No feedback, no progress, no questions, no acknowledgement that the problem even exists; nothing.

SERIOUSLY?
Comment 6 Michael Gorse 2021-06-16 14:37:37 UTC
I assume you're now using the 0.8 package from TW. I'm guessing you're no longer seeing the out of memory messages (the rlimit values should be gone now), but you're still seeing the high CPU usage?

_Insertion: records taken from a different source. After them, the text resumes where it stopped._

(* Let $\kappa\ge0$ and let $\lambda^w_a\in[\tfrac1{1+\kappa},1]$ for all $a\in\mathcal A$, $w\in\mathcal W$, and define the perceived path travel times $\tilde c^w_p(\mathbf f)=\sum_{a\in\mathcal A}\delta^p_a\lambda^w_a t_a(\mathbf v)$ for $p\in\mathcal P_w$. (i) If $\bar{\mathbf f}\in\mathbf F$ satisfies $\sum_{w\in\mathcal W}\sum_{p\in\mathcal P_w}\tilde c^w_p(\bar{\mathbf f})(f_p-\bar f_p)\ge0$ for all $\mathbf f\in\mathbf F$, then the OD-specific arc flow $\bar{\mathbf x}$ induced by $\bar{\mathbf f}$ satisfies $\sum_{a\in\mathcal A}\sum_{w\in\mathcal W}\lambda^w_a t_a(\bar{\mathbf v})(x^w_a-\bar x^w_a)\ge0$ for all $\mathbf x\in\mathbf X$. (ii) Conversely, if $\bar{\mathbf x}\in\mathbf X$ satisfies the latter inequality for all $\mathbf x\in\mathbf X$, then every $\bar{\mathbf f}\in\mathbf F$ inducing $\bar{\mathbf x}$ (i.e. $\bar x^w_a=\sum_{p\in\mathcal P_w}\delta^p_a\bar f_p$) satisfies the former inequality for all $\mathbf f\in\mathbf F$. Here $\bar{\mathbf v}$ denotes the arc flow with $\bar v_a=\sum_w\bar x^w_a$.
   Context: Let $G=(\mathcal N,\mathcal A)$ be a finite directed graph and $\mathcal W$ a finite set of OD pairs; each $w$ has demand $Q_w>0$ and a finite set $\mathcal P_w$ of paths from its origin to its destination; $\mathcal P=\bigcup_w\mathcal P_w$; $\delta^p_a=1$ if arc $a$ lies on path $p$ and $0$ otherwise. Feasible path flows: $\mathbf F=\{\mathbf f\ge0:\sum_{p\in\mathcal P_w}f_p=Q_w\ \forall w\}$. A path flow induces arc flows $v_a=\sum_{p\in\mathcal P}\delta^p_af_p$ and OD-specific arc flows $x^w_a=\sum_{p\in\mathcal P_w}\delta^p_af_p$; $\mathbf X$ is the set of OD-specific arc flows induced by some $\mathbf f\in\mathbf F$. Each arc $a$ has a travel time function $t_a(\mathbf v)$ of the arc-flow vector. *)

From mathcomp Require Import all_boot all_order all_algebra.
Set Implicit Arguments. Unset Strict Implicit. Unset Printing Implicit Defensive.
Import Order.TTheory GRing.Theory Num.Theory.
Local Open Scope ring_scope.

(* Each path p
   belongs to exactly one OD pair [od p], so P_w = [pred p | od p == w].
   [delta p a] is the arc-path incidence. *)
Section Traffic.
Variables (R : realFieldType) (A W P : finType).
Variable (od : P -> W) (delta : P -> A -> bool) (Q : W -> R).

Definition feasible (f : P -> R) : Prop :=
  (forall p, 0 <= f p) /\ (forall w, \sum_(p | od p == w) f p = Q w).

Definition odflow (f : P -> R) (w : W) (a : A) : R :=
  \sum_(p | od p == w) (delta p a)%:R * f p.

Definition arcflow (f : P -> R) (a : A) : R :=
  \sum_p (delta p a)%:R * f p.

Definition inX (x : W -> A -> R) : Prop :=
  exists f, feasible f /\ forall w a, x w a = odflow f w a.

Definition ptime (lambda : W -> A -> R) (t : A -> (A -> R) -> R)
  (f : P -> R) (w : W) (p : P) : R :=
  \sum_a (delta p a)%:R * lambda w a * t a (arcflow f).

Definition pathVI lambda t (fbar : P -> R) : Prop :=
  forall f, feasible f ->
    0 <= \sum_w \sum_(p | od p == w) ptime lambda t fbar w p * (f p - fbar p).

Definition arcVI (lambda : W -> A -> R) (t : A -> (A -> R) -> R)
  (xbar : W -> A -> R) : Prop :=
  forall x, inX x ->
    0 <= \sum_a \sum_w lambda w a * t a (fun b => \sum_w' xbar w' b)
                        * (x w a - xbar w a).
End Traffic.

From mathcomp Require Import all_boot all_order all_algebra.
From Stdlib Require Import FunctionalExtensionality.
Import Order.TTheory GRing.Theory Num.Theory.
Local Open Scope ring_scope.

(* The perceived path cost is the sum of the OD-specific arc costs
   lambda^w_a t_a(v) along the path, so exchanging the sums over paths and
   arcs turns the path-based variational gap at fbar against f into the
   arc-based gap at the induced flows.  Hence both inequalities are the same
   statement, and the path VI at fbar is equivalent to the arc VI at the
   OD-specific flow it induces. *)

Section PathArcGap.
Variables (R : realFieldType) (A W P : finType).
Variables (od : P -> W) (delta : P -> A -> bool) (Q : W -> R).

Lemma odflowB (f g : P -> R) w a :
  odflow od delta f w a - odflow od delta g w a =
  \sum_(p | od p == w) (delta p a)%:R * (f p - g p).
Proof. by rewrite /odflow -sumrB; apply: eq_bigr => p _; rewrite mulrBr. Qed.

Lemma sum_odflow (f : P -> R) :
  (fun b => \sum_w odflow od delta f w b) = arcflow delta f.
Proof.
by apply: functional_extensionality => b; rewrite /arcflow (partition_big od predT).
Qed.

Lemma path_arc_pairingE (c : W -> A -> R) (f g : P -> R) :
  \sum_w \sum_(p | od p == w) (\sum_a (delta p a)%:R * c w a) * (f p - g p) =
  \sum_a \sum_w c w a * (odflow od delta f w a - odflow od delta g w a).
Proof.
rewrite [RHS]exchange_big /=; apply: eq_bigr => w _.
under [RHS]eq_bigr do rewrite odflowB mulr_sumr.
rewrite exchange_big /=; apply: eq_bigr => p _.
by rewrite mulr_suml; apply: eq_bigr => a _; rewrite mulrCA mulrA.
Qed.

Lemma path_gapE (lambda : W -> A -> R) (t : A -> (A -> R) -> R) (fbar f : P -> R) :
  \sum_w \sum_(p | od p == w) ptime delta lambda t fbar w p * (f p - fbar p) =
  \sum_a \sum_w lambda w a * t a (fun b => \sum_w' odflow od delta fbar w' b)
       * (odflow od delta f w a - odflow od delta fbar w a).
Proof.
rewrite sum_odflow -path_arc_pairingE.
apply: eq_bigr => w _; apply: eq_bigr => p _.
by congr (_ * _); apply: eq_bigr => a _; rewrite mulrA.
Qed.

Lemma pathVI_arcVI (lambda : W -> A -> R) (t : A -> (A -> R) -> R) (fbar : P -> R) :
  pathVI od delta Q lambda t fbar <-> arcVI od delta Q lambda t (odflow od delta fbar).
Proof.
split.
- move=> VIf x [f [feas_f xE]].
  have -> : x = odflow od delta f.
    by do 2!apply: functional_extensionality => ?; apply: xE.
  by rewrite -path_gapE; apply: VIf.
- move=> VIx f feas_f; rewrite path_gapE; apply: VIx.
  by exists f.
Qed.

End PathArcGap.

Theorem lemma2 (R : realFieldType) (A W P : finType)
  (od : P -> W) (delta : P -> A -> bool) (Q : W -> R)
  (t : A -> (A -> R) -> R) (kappa : R) (lambda : W -> A -> R) :
  (forall w, 0 < Q w) ->
  0 <= kappa ->
  (forall w a, (1 + kappa)^-1 <= lambda w a <= 1) ->
  (forall fbar : P -> R, feasible od Q fbar ->
     pathVI od delta Q lambda t fbar ->
     arcVI od delta Q lambda t (odflow od delta fbar))
  /\
  (forall xbar : W -> A -> R, inX od delta Q xbar ->
     arcVI od delta Q lambda t xbar ->
     forall fbar : P -> R, feasible od Q fbar ->
       (forall w a, xbar w a = odflow od delta fbar w a) ->
       pathVI od delta Q lambda t fbar).
Proof.
move=> _ _ _; split=> [fbar _ | xbar _ VIx fbar _ xbarE].
- by move/pathVI_arcVI.
- apply/pathVI_arcVI.
  suff <- : xbar = odflow od delta fbar by [].
  by do 2!apply: functional_extensionality => ?; apply: xbarE.
Qed.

It might be useful to run dbus-monitor --system when you see it happening; I'm wondering if it is processing a flood of dbus messages. Also, I'm curious if the backtrace is similar now that the rlimits are gone.
Comment 7 Stefan Hundhammer 2021-06-17 08:34:01 UTC
[shundhammer @ g12] ~ % rpm -qf `which avahi-daemon`

avahi-0.7-15.2.x86_64


I am not updating that machine very much now that I am in Corona home office and that machine is accessible to me only via VPN to the office; any "zypper dup" that requires a reboot (i.e. at least once a week) can easily cause a problem that prevents the machine from coming back up again, then I can't log in anymore until I travel there to fix it manually.
Comment 8 Michael Gorse 2021-06-17 12:47:15 UTC
Could you check that, in your avahi-daemon.conf, the items under [rlimits] are commented out? This should be the case with a new installation, but, since you upgraded from 0.6.32, I think that it is worth checking.